=== What to do ===
Nothing but the lines from the one containing "case=> -[M JM] [x [x0 Jx]]." through the end of the data below may appear in the response, each one exact.

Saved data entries
*** Block opens ***
(* In the paper's notation, [(R : J) = (J : J)]. *)
Definition colon_stable (J : R -> Prop) := forall q : K R,
  (forall z, J z -> inR (q * toK z)) ->
  forall z, J z -> exists2 r, J r & q * toK z = toK r.

Lemma trace_ideal_stable : colon_stable (trace_ideal M).
Proof.
move=> q hq; apply: trace_ideal_ind => [|f m x lf Tx [r Tr qx]].
  by exists 0; [exact: trace_ideal0 | rewrite rmorph0 mulr0].
pose g m := toR (q * toK (f m)).
have gK m' : toK (g m') = q * toK (f m').
  by apply: toRK; apply: hq; apply: trace_ideal_image.
have lg : Rlinear g.
  move=> c m1 m2; apply: toK_inj.
  by rewrite rmorphD rmorphM /= !gK lf rmorphD rmorphM /=; ring.
exists (g m + r); first exact: trace_ideal_cons.
by rewrite !rmorphD /= mulrDr gK qx.
Qed.

End Trace.

Section IdealModule.
Variables (R : idomainType) (J : R -> Prop).
Hypothesis HJ : is_ideal J.

Definition ideal_mem : {pred R^o} := fun x => `[< J x >].

Lemma ideal_mem_subsemimod : subsemimod_closed ideal_mem.
Proof.
split; first split.
- exact/asboolT/(ideal0 HJ).
- by move=> x y /asboolP Jx /asboolP Jy; apply/asboolT/(idealD HJ).
- by move=> c x /asboolP Jx; apply/asboolT/(idealM HJ).
Qed.

HB.instance Definition _ :=
  GRing.isSubmodClosed.Build R R^o ideal_mem ideal_mem_subsemimod.

(* [J] viewed as an [R]-module; the proof [HJ] is a parameter of the type so
   that the module structure can be found by type inference. *)
Definition ideal_module of is_ideal J := {x : R^o | x \in ideal_mem}.

HB.instance Definition _ :=
  [isSub for @sval R^o (fun x => x \in ideal_mem) : ideal_module HJ -> R^o].
HB.instance Definition _ := [Choice of ideal_module HJ by <:].
HB.instance Definition _ := [SubChoice_isSubLmodule of ideal_module HJ by <:].

Definition ideal_elem x (Jx : J x) : ideal_module HJ := Sub x (asboolT Jx).

Lemma ideal_module_mem (m : ideal_module HJ) : J (val m).
Proof. exact/asboolP/(valP m). Qed.

Lemma Rlinear_val : Rlinear (val : ideal_module HJ -> R).
Proof. by []. Qed.

Lemma ideal_sub_trace x : J x -> trace_ideal (ideal_module HJ) x.
Proof.
move=> Jx; rewrite -[x]addr0 -[x in x + 0]/(val (ideal_elem Jx)).
exact: trace_ideal_cons Rlinear_val (trace_ideal0 _).
Qed.

Lemma ideal_module_hom_mul (f : ideal_module HJ -> R) :
  Rlinear f -> forall m m0, val m * f m0 = val m0 * f m.
Proof.
move=> lf m m0; rewrite -!(RlinearZ _ _ lf); congr f; apply: val_inj.
exact: mulrC.
Qed.

End IdealModule.

Section IjTrace.
Variables (R : idomainType) (v : K R -> int) (a : nat -> nat) (n : nat).
Hypotheses (Hv : normalized_valuation_of_Rbar v) (Ha : enumerates (valR v) a).
Hypothesis Hn : conductor_index a n.

Lemma Ij_hom_image j (f : ideal_module (Ij_ideal a Hv j) -> R) :
  (j <= n)%N -> Rlinear f -> forall m, Ij v a j (f m).
Proof.
move=> jn lf m.
have [y0 y00 vy0] := enum_val Ha j.
have Iy0 : Ij v a j y0 by right; rewrite vy0.
pose q := toK (f (ideal_elem (Ij_ideal a Hv j) Iy0)) / toK y0.
have fq m' : toK (f m') = q * toK (val m' : R).
  have := ideal_module_hom_mul lf m' (ideal_elem _ Iy0).
  rewrite SubK => /(congr1 (@toK R)); rewrite !rmorphM /= => E.
  apply: (mulfI (toK_neq0 y00)); rewrite -E /q [RHS]mulrA [toK y0 * _]mulrC.
  by rewrite divfK ?toK_neq0 // mulrC.
have [q0|q0] := eqVneq q 0.
  by left; apply: toK_inj; rewrite fq q0 mul0r rmorph0.
have vq : 0 <= v q.
  apply: (conductor_colon_integral Hv Ha Hn q0) => y y_neq0 vy.
  have Iy : Ij v a j y.
    by right; split=> //; apply: le_trans vy; rewrite lez_nat (enum_leq_mono Ha).
  by exists (f (ideal_elem _ Iy)); rewrite fq SubK.
have [fm0|fm0] := eqVneq (f m) 0; [by left | right; split=> //].
have [m0|[m0 vm]] := ideal_module_mem m.
  by move: fm0; rewrite -toK_eq0 fq m0 rmorph0 mulr0 eqxx.
by rewrite fq valM ?toK_neq0 //; lia.
Qed.

Lemma Ij_in_T j : (j <= n)%N -> in_T (Ij v a j).
Proof.
move=> jn; split.
  exists (ideal_module (Ij_ideal a Hv j)) => x; split; first exact: ideal_sub_trace.
  by apply: trace_sub_ideal (Ij_ideal a Hv j) _ x => f lf; apply: Ij_hom_image.
by have [y y0 vy] := enum_val Ha j; exists y; split=> //; right; rewrite vy.
Qed.

End IjTrace.

Section StableIdeal.
Variables (R : idomainType) (v : K R -> int) (a : nat -> nat) (n : nat).
Hypotheses (Hv : normalized_valuation_of_Rbar v) (Ha : enumerates (valR v) a).
Hypotheses (Hn : conductor_index a n) (Hres : residue_iso R) (Hloc : local_ring R).
Hypothesis Hfin : Rbar_finite R.
Variables (J : R -> Prop) (x1 : R) (m : nat).
Hypotheses (HJ : is_ideal J) (Jstable : colon_stable J).
Hypotheses (Jx1 : J x1) (x1_neq0 : x1 != 0) (vx1 : v (toK x1) = (a m)%:Z).
Hypothesis x1_min : forall z, J z -> z != 0 -> (a m)%:Z <= v (toK z).

Lemma stable_mem y : (forall z, J z -> inR (toK y / toK x1 * toK z)) -> J y.
Proof.
move=> hy; have [r Jr] := Jstable hy Jx1.
by rewrite divfK ?toK_neq0 // => /toK_inj ->.
Qed.

Lemma stable_conductor y : y != 0 -> (a n)%:Z <= v (toK y) -> J y.
Proof.
move=> y0 vy; apply: stable_mem => z Jz.
have [->|z0] := eqVneq z 0; first by rewrite rmorph0 mulr0; exact: inR0.
apply: (conductor_inR Hv Ha Hn Hres Hfin).
  by rewrite !mulf_neq0 ?invr_neq0 ?toK_neq0.
rewrite valM ?mulf_neq0 ?invr_neq0 ?toK_neq0 // val_div ?toK_neq0 //.
by have := x1_min Jz z0; lia.
Qed.

Lemma stable_min_index_le : (m <= n)%N.
Proof.
have [y y0 vy] := conductor_val Ha Hn (lexx (a n)%:Z).
have Jy : J y by apply: (stable_conductor y0); rewrite vy.
by rewrite -(enum_leq_mono Ha) -lez_nat -vy; exact: x1_min Jy y0.
Qed.

Lemma stable_unit_min : m = 0%N -> forall y, J y.
Proof.
move=> m0 y; have ux1 : x1 \is a GRing.unit.
  by apply: (val0_unit Hv Hres Hloc x1_neq0); rewrite vx1 m0 (enum_val0 Hv Ha).
by rewrite -(mulrVK ux1 y); apply: (idealM HJ).
Qed.

Lemma stable_next_val : (n <= m.+2)%N ->
  exists y, [/\ J y, y != 0 & v (toK y) = (a m.+1)%:Z].
Proof.
move=> nm; have [y y0 vy] := enum_val Ha m.+1.
have [//|miss] := pselect (exists y, [/\ J y, y != 0 & v (toK y) = (a m.+1)%:Z]).
exists y; split=> //; apply: stable_mem => z Jz.
have not_min w : J w -> w != 0 -> v (toK w) != (a m)%:Z -> inR (toK y / toK x1 * toK w).
  move=> Jw w0 vw; apply: (conductor_inR Hv Ha Hn Hres Hfin).
    by rewrite !mulf_neq0 ?invr_neq0 ?toK_neq0.
  have [k vk] := val_enum Hv Ha w0.
  have mk : (m.+2 <= k)%N.
    have := x1_min Jw w0; rewrite vk lez_nat (enum_leq_mono Ha) leq_eqVlt.
    case/orP=> [/eqP mk|]; first by move: vw; rewrite vk mk eqxx.
    rewrite leq_eqVlt => /orP[/eqP mk|//]; case: miss; exists w; split=> //.
    by rewrite vk mk.
  have : (a n <= a k)%N by rewrite (enum_leq_mono Ha); apply: leq_trans mk.
  have : (a m <= a m.+1)%N by rewrite (enum_leq_mono Ha).
  rewrite valM ?mulf_neq0 ?invr_neq0 ?toK_neq0 // val_div ?toK_neq0 //.
  by rewrite vy vx1 vk; lia.
have [->|z0] := eqVneq z 0; first by rewrite rmorph0 mulr0; exact: inR0.
have [vz|vz] := eqVneq (v (toK z)) (a m)%:Z; last exact: not_min.
have [u] := residue_cancel Hv Hres (toK_neq0 z0) (toK_neq0 x1_neq0)
  (etrans vz (esym vx1)).
rewrite -rmorphM -rmorphB => -[zu|[zu0 vzu]].
  move/eqP: zu; rewrite toK_eq0 subr_eq0 => /eqP ->.
  by rewrite rmorphM mulrCA divfK ?toK_neq0 //; apply: inRM; exact: inR_toK.
rewrite -(subrK (u * x1) z) rmorphD mulrDr; apply: inRD.
  have Jw : J (z - u * x1) by apply: (idealB HJ Jz); apply: (idealM HJ).
  by apply: not_min Jw _ _; [rewrite -toK_eq0 | rewrite gt_eqF // -vx1].
by rewrite rmorphM mulrCA divfK ?toK_neq0 //; apply: inRM; exact: inR_toK.
Qed.

Lemma stable_hits_values : (n <= 3)%N -> forall k, (m <= k < n)%N ->
  exists y, [/\ J y, y != 0 & v (toK y) = (a k)%:Z].
Proof.
move=> n3 k /andP[mk kn].
have [y y0 vy] := enum_val Ha k.
have [m0|m_gt0] := posnP m; first by exists y; split=> //; apply: stable_unit_min.
have [km|km] := eqVneq k m; first by exists x1; rewrite km.
have -> : k = m.+1 by lia.
by apply: stable_next_val; lia.
Qed.

Lemma stable_eq_Ij : (n <= 3)%N -> forall x, J x <-> Ij v a m x.
Proof.
move=> n3 x; split.
  by have [->|x0] := eqVneq x 0; [left | right; split=> //; apply: x1_min].
apply: (Ij_sub_ideal Hv Ha Hres HJ stable_conductor).
exact: stable_hits_values.
Qed.

End StableIdeal.

Lemma stable_in_I (R : idomainType) (v : K R -> int) (a : nat -> nat) (n : nat)
  (J : R -> Prop) :
  normalized_valuation_of_Rbar v -> enumerates (valR v) a -> conductor_index a n ->
  residue_iso R -> local_ring R -> Rbar_finite R -> (n <= 3)%N ->
  is_ideal J -> colon_stable J -> (exists x, x != 0 /\ J x) -> in_I v a n J.
Proof.
move=> Hv Ha Hn Hres Hloc Hfin n3 HJ stable nzJ.
have [m [x1 [Jx1 x10 vx1 x1_min]]] := ideal_min_val Hv Ha nzJ.
exists m; split.
  exact: (stable_min_index_le Hv Ha Hn Hres Hfin stable Jx1 x10 vx1 x1_min).
exact: (stable_eq_Ij Hv Ha Hn Hres Hloc Hfin HJ stable Jx1 x10 vx1 x1_min n3).
Qed.

Theorem corollary3p9 (R : idomainType)
  (Hnoeth : noetherian R) (Hloc : local_ring R) (Hdim : dim_one R)
  (Hai : analytically_irreducible R)
  (Hfin : Rbar_finite R) (HRbloc : Rbar_local R)
  (Hres : residue_iso R)
  (v : K R -> int) (Hv : normalized_valuation_of_Rbar v)
  (a : nat -> nat) (Ha : enumerates (valR v) a)
  (n : nat) (Hn : conductor_index a n)
  (Hn3 : (n <= 3)%N) :
  forall J : R -> Prop, in_T J <-> in_I v a n J.
Proof.
(* The remaining hypotheses of the paper are what make [v] exist and [Rbar]
   finite over [R]; here both are assumed directly. *)
move=> J; split.
  case=> -[M JM] [x [x0 Jx]].
  have [m [mn MI]] : in_I v a n (trace_ideal M).
    apply: (stable_in_I Hv Ha Hn Hres Hloc Hfin Hn3 (trace_ideal_is_ideal M)).
      exact: trace_ideal_stable.
    by exists x; split=> //; apply/JM.
  by exists m; split=> // y; rewrite JM.
case=> j [jn JI]; have [[M IM] [x [x0 Ix]]] := Ij_in_T Hv Ha Hn jn.
split; first by exists M => y; rewrite JI IM.
by exists x; split=> //; apply/JI.
Qed.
*** Block closes ***
=== Solution for this problem ===
  case=> -[M JM] [x [x0 Jx]].
  have [m [mn MI]] : in_I v a n (trace_ideal M).
    apply: (stable_in_I Hv Ha Hn Hres Hloc Hfin Hn3 (trace_ideal_is_ideal M)).
      exact: trace_ideal_stable.
    by exists x; split=> //; apply/JM.
  by exists m; split=> // y; rewrite JM.
case=> j [jn JI]; have [[M IM] [x [x0 Ix]]] := Ij_in_T Hv Ha Hn jn.
split; first by exists M => y; rewrite JI IM.
by exists x; split=> //; apply/JI.
Qed.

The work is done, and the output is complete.